In 1987, Damp editor Kevin Kraynick openly worried in the pages of this issue that he’d be lumped in with fanzine editors “who are the kind of guys who always got picked last for kickball games in gym class”. I mean, sure, but if the shoe fits….right? So in meager compensation, there’s some aggro finger-pointing and posturing in places where there oughtn’t be any – “whatta dick”; “you bet your globular ass”; that sort of thing. Certainly, Damp grew up a ton in subsequent issues – including #3 that we discussed here – but was still taking some young man’s cues from Conflict without quite having the chops to approximate its humorous vitriol.
That said, I bought Damp #2 then and I’d have happily owned it now for 37 years had it not been “disappeared” in the Great Starving Students Lost Fanzine Box. Only recently was I able to procure a copy again, perhaps even my own original for all I know. Slight concerns aside, it was an unalloyed pleasure to read cover to cover last night. There is an interview with New England locals Expando Brain, one of my very favorite super-far-underground rock bands of the mid/late 80s. Kraynick also pulls together a well-researched Snakefinger interview that’ll always be my primary source material should I ever need to do any serious Snakefinger research, such as to write a paper. There are also interviews with acts that only a young man might pretend to like – Big Dipper and Zoogz Rift – but then there’s also the only piece I’ve ever seen on The Longshoreman, a long-running San Francisco band featuring Judy and Carol from Pink Section and the Inflatable Boy Clams. Kraynick was clearly looking a bit afield from the alterna front-runners of the day, your Soul Asylums and Big Blacks and whatnot.
Sometimes the vituperation is pretty funny in his reviews, too, as in this fine intro to a Dash Rip Rock review: “Front cover shows the band burning guitars in the fireplace and let’s hope those are the only ones they’ve got”. As it turns out, even Kraynick knows that the miniscule 4-point font for record reviews that he’s using is utterly comic, and christens the whole section “The World’s Tiniest Record Reviews”. This was the era of Squirrel Bait, Butthole Surfers, Dinosaur and Halo of Flies worship, a consensus that emerged in the East Coast fanzines I read all the way across the country in Santa Barbara, and my taste was molded accordingly. For some reason David Ciaffardini is a great target of derision, which I kind of understand if you were comparing his Sound Choice magazine with, say, Forced Exposure, but he was an exceptionally friendly dude whom I knew personally, a true mensch from the word go, and someone whom I recently re-established contact with after 35 years.
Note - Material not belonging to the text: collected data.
Lemma Xpow_wpow Phi x0 n x :
  Xpow Phi x0 n x = wpow (fun m t => powm1 m (Phi t)) x0 n x.
Proof.
  revert x. induction n as [|n IH]; intros x; [reflexivity|].
  simpl. f_equal. apply RInt_ext. intros t _. rewrite IH. reflexivity.
Qed.

Lemma Xtpow_wpow Phi x0 n x :
  Xtpow Phi x0 n x = wpow (fun m t => powm1 m (/ Phi t)%C) x0 n x.
Proof.
  revert x. induction n as [|n IH]; intros x; [reflexivity|].
  simpl. f_equal. apply RInt_ext. intros t _. rewrite IH. reflexivity.
Qed.

Lemma Cinv_neq_0 (z : C) : z <> RtoC 0 -> (/ z)%C <> RtoC 0.
Proof.
  intros Hz H0. apply C1_nz. rewrite <- (Cinv_l z Hz), H0. apply Cmult_0_l.
Qed.

Lemma continuous_powm1 (f : R -> C) m t :
  continuous f t -> f t <> RtoC 0 -> continuous (fun s => powm1 m (f s)) t.
Proof.
  unfold powm1. destruct (Nat.even m); [auto | apply continuous_Cinv].
Qed.

Lemma powm1_sub_Cinv n j (z : C) : Nat.even n = true -> (j <= n)%nat -> z <> RtoC 0 ->
  powm1 (n - j) (/ z)%C = powm1 (S j) z.
Proof.
  intros Hn Hj Hz. unfold powm1.
  rewrite Nat.even_sub, Hn, Nat.even_succ, <- Nat.negb_even by exact Hj.
  destruct (Nat.even j); simpl; [reflexivity | field; exact Hz].
Qed.

Definition alt_binom (n k : nat) : R := (-1) ^ k * Binomial.C n k.

Section BinomialConvolution.

Variables (w v : nat -> R -> C) (x0 : R) (n : nat).
Hypotheses (w_cont : forall m t, continuous (w m) t) (v_cont : forall m t, continuous (v m) t).
Hypothesis n_pos : (1 <= n)%nat.
Hypothesis weights_compl : forall j t, (j < n)%nat -> v (n - j)%nat t = w (S j) t.

Definition binom_conv (x : R) : C :=
  sum_n (fun k => (RtoC (alt_binom n k) * (wpow w x0 k x * wpow v x0 (n - k) x))%C) n.

Lemma is_derive_binom_conv t : is_derive binom_conv t zero.
Proof.
  set (A k := (RtoC (alt_binom n k * INR k)
               * (wpow w x0 (k - 1) t * w k t) * wpow v x0 (n - k) t)%C).
  set (B k := (RtoC (alt_binom n k * INR (n - k))
               * wpow w x0 k t * (wpow v x0 (n - k - 1) t * v (n - k)%nat t))%C).
  assert (HAB : forall j, (j < n)%nat -> A (S j) = opp (B j)).
  { intros j Hj. unfold A, B, alt_binom.
    rewrite signed_binomial_succ, Nat.sub_succ, Nat.sub_0_r, weights_compl by exact Hj.
    replace (n - S j)%nat with (n - j - 1)%nat by lia.
    rewrite RtoC_opp. change (opp ?z) with (Copp z). ring. }
  assert (Hterm : forall k, is_derive
      (fun s => RtoC (alt_binom n k) * (wpow w x0 k s * wpow v x0 (n - k) s))%C t
      (plus (A k) (B k))).
  { intros k.
    assert (H := is_derive_Cmult _ _ t _ _
                   (is_derive_const (K := R_AbsRing) (V := C_R_NormedModule) (RtoC (alt_binom n k)) t)
                   (is_derive_Cmult _ _ t _ _ (is_derive_wpow w x0 w_cont k t)
                                              (is_derive_wpow v x0 v_cont (n - k) t))).
    replace (RtoC 0 * _ + _)%C with (Cplus (A k) (B k)) in H; [exact H|].
    unfold A, B. rewrite !RtoC_mult. ring. }
  assert (Hval : sum_n (fun k => plus (A k) (B k)) n = zero).
  { rewrite (sum_n_telescoping (G := C_AbelianGroup)) by exact HAB.
    unfold A, B. rewrite Nat.sub_diag. simpl INR. rewrite !Rmult_0_r.
    rewrite !Cmult_0_l. exact (Cplus_0_l (RtoC 0)). }
  (* [rewrite] cannot see through the two convertible instances of [zero] here. *)
  exact (eq_ind _ (is_derive binom_conv t) (is_derive_sum_n _ n t _ (fun k _ => Hterm k)) _ Hval).
Qed.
The snarky sub-underground fanzines all had to have their “out crowd” for sure, and there was a consensus pile-on against the same targets, the supposed “guys who always got picked last for kickball games in gym class”. Clowns like Tesco Vee and Lydia Lunch got a free pass for some reason, probably for the same reason confident extroverts always have and always do. If you can convincingly act the part, it doesn’t matter how brainless your material actually is; if you cower and show weakness in any social circle, particularly one in which young men are attempting to preen and show off for each other’s benefit, you get bullshit like over-the-top Mike McGonigal hatred and Baboon Dooley. I wasn’t totally immune myself when I started in this racket a few years later.
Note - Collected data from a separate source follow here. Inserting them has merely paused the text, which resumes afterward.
Theorem consensus : exists Lim, forall i, (i < N)%N -> rcvg (fun k => xi i k) Lim.
Proof.
have [lS [hScv _]] := psum_cvg; have [lg hg] := top_compensated_cvg.
exists (lg + lS) => i hi eps he.
have he3 : 0 < eps / 3 by rewrite divr_gt0.
have [K1 HK1] := hg _ he3; have [K2 HK2] := hScv _ he3.
have [K3 HK3] := spread_vanishes he3.
exists (maxn K1 (maxn K2 K3)) => k; rewrite !geq_max => /and3P [hk1 hk2 hk3].
have := HK1 k hk1 => /ltr_normlP [a1 a2]; have := HK2 k hk2 => /ltr_normlP [b1 b2].
have := HK3 k hk3; have := top_ub k hi; have := bot_lb k hi.
by move=> d1 d2 c1; apply/ltr_normlP; split; lra.
Qed.

End Consensus.

Lemma eqbE (a b : nat) : Nat.eqb a b = (a == b).
Proof. by case: (PeanoNat.Nat.eqb_spec a b) => [->|h]; [rewrite eqxx | apply/esym/eqP]. Qed.

Lemma dotE m f v : dot m f v = \sum_(p < m) f p * v p.
Proof. exact: rsumE. Qed.

Lemma dotB m f v w : dot m f (fun p => v p - w p) = dot m f v - dot m f w.
Proof. by rewrite !dotE -sumrB; apply: eq_bigr => p _; ring. Qed.

Lemma mvE m M v p : mv m M v p = \sum_(q < m) M p q * v q.
Proof. exact: rsumE. Qed.

Lemma mv_Aint m' v p : (p < m'.+1)%N -> mv m'.+1 Aint v p = if (p < m')%N then v p.+1 else 0.
Proof.
move=> hp; rewrite mvE; case: ifP => hpm.
  have hp1 : (p.+1 < m'.+1)%N by [].
  rewrite (bigD1 (Ordinal hp1)) //= /Aint eqbE eqxx mul1r big1 ?addr0 //.
  move=> q hq; rewrite /Aint eqbE; case: eqP => [e|]; last by rewrite mul0r.
  have eq : q = Ordinal hp1 by apply: val_inj.
  by rewrite eq eqxx in hq.
rewrite big1 // => q _; rewrite /Aint eqbE; case: eqP => [e|]; last by rewrite mul0r.
by have := ltn_ord q; rewrite e ltnS hpm.
Qed.

Lemma K5E m' b p : K5 m'.+1 b p = if p == m' then 1 else b p.+1.
Proof. by rewrite /K5 /= PeanoNat.Nat.sub_0_r eqbE. Qed.

(* The weighted sum sum_{p >= 1} b_p v_p, so that K4 . v = K5 . v - bshift v. *)
Definition bshift m' (b : nat -> R) (v : nat -> R) :=
  \sum_(p < m'.+1) (if (p : nat) == 0%N then 0 else b p) * v p.

Lemma bshiftB m' b v w : bshift m' b (fun p => v p - w p) = bshift m' b v - bshift m' b w.
Proof. by rewrite /bshift -sumrB; apply: eq_bigr => p _; ring. Qed.

Lemma K4_dot m' b v : dot m'.+1 (K4 m'.+1 b) v = dot m'.+1 (K5 m'.+1 b) v - bshift m' b v.
Proof. by rewrite !dotE /bshift -sumrB; apply: eq_bigr => p _; rewrite /K4 eqbE; to_ring; ring. Qed.

Lemma K5_Aint m' b v : dot m'.+1 (K5 m'.+1 b) (mv m'.+1 Aint v) = bshift m' b v.
Proof.
rewrite dotE big_ord_recr /= mv_Aint // ltnn mulr0 addr0 /bshift big_ord_recl /= mul0r add0r.
apply: eq_bigr => p _; rewrite mv_Aint /=; last by apply: (leq_trans (ltn_ord p)).
by rewrite ltn_ord K5E (ltn_eqF (ltn_ord p)) /bump /= add1n.
Qed.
Then again, maybe we all just wanted to be Byron Coley. He’s interviewed here, the second part of a 2-parter, the first of which I’ve never read because I’ve never seen Damp #1. I remember reading this interview back then, and he praised the Lazy Cowgirls – who were my absolute favorite band – and it was a big, big deal to me, the voice of God anointing my own musical taste as being first-rate. And he also made fun of SWA, who were absolutely my friends’ & my favorite musical whipping post around this time. These “photos” of “Jimmy & Byron” from Forced Exposure definitely generated some chatter at the time as well, as it was hard to know what these guys looked like in an era before The Face Book and before I was able to Ask Jeeves. It took me at least a few years to realize 100% that these weren’t the guys.
Finally, Damp #2 closes up with a guy named Wandz, who has his own page of “Hip Cat Jazz Reviews”. He even writes as if he knows what he’s talking about. A nice icing to a pretty packed fanzine.
“Sometimes the vituperation is pretty funny in his reviews, too, as in this fine intro to a Dash Rip Rock review: “Front cover shows the band burning guitars in the fireplace and let’s hope those are the only ones they’ve got”” Good one! I had to sit through “Dash” so many times back then in New Orleans and Baton Rouge; they were the fave party band of the LSU frat slobs who hadn’t died of alcohol poisoning yet. Worse thing was they had the former drummer of the Normals; he was just phoning it in at that point.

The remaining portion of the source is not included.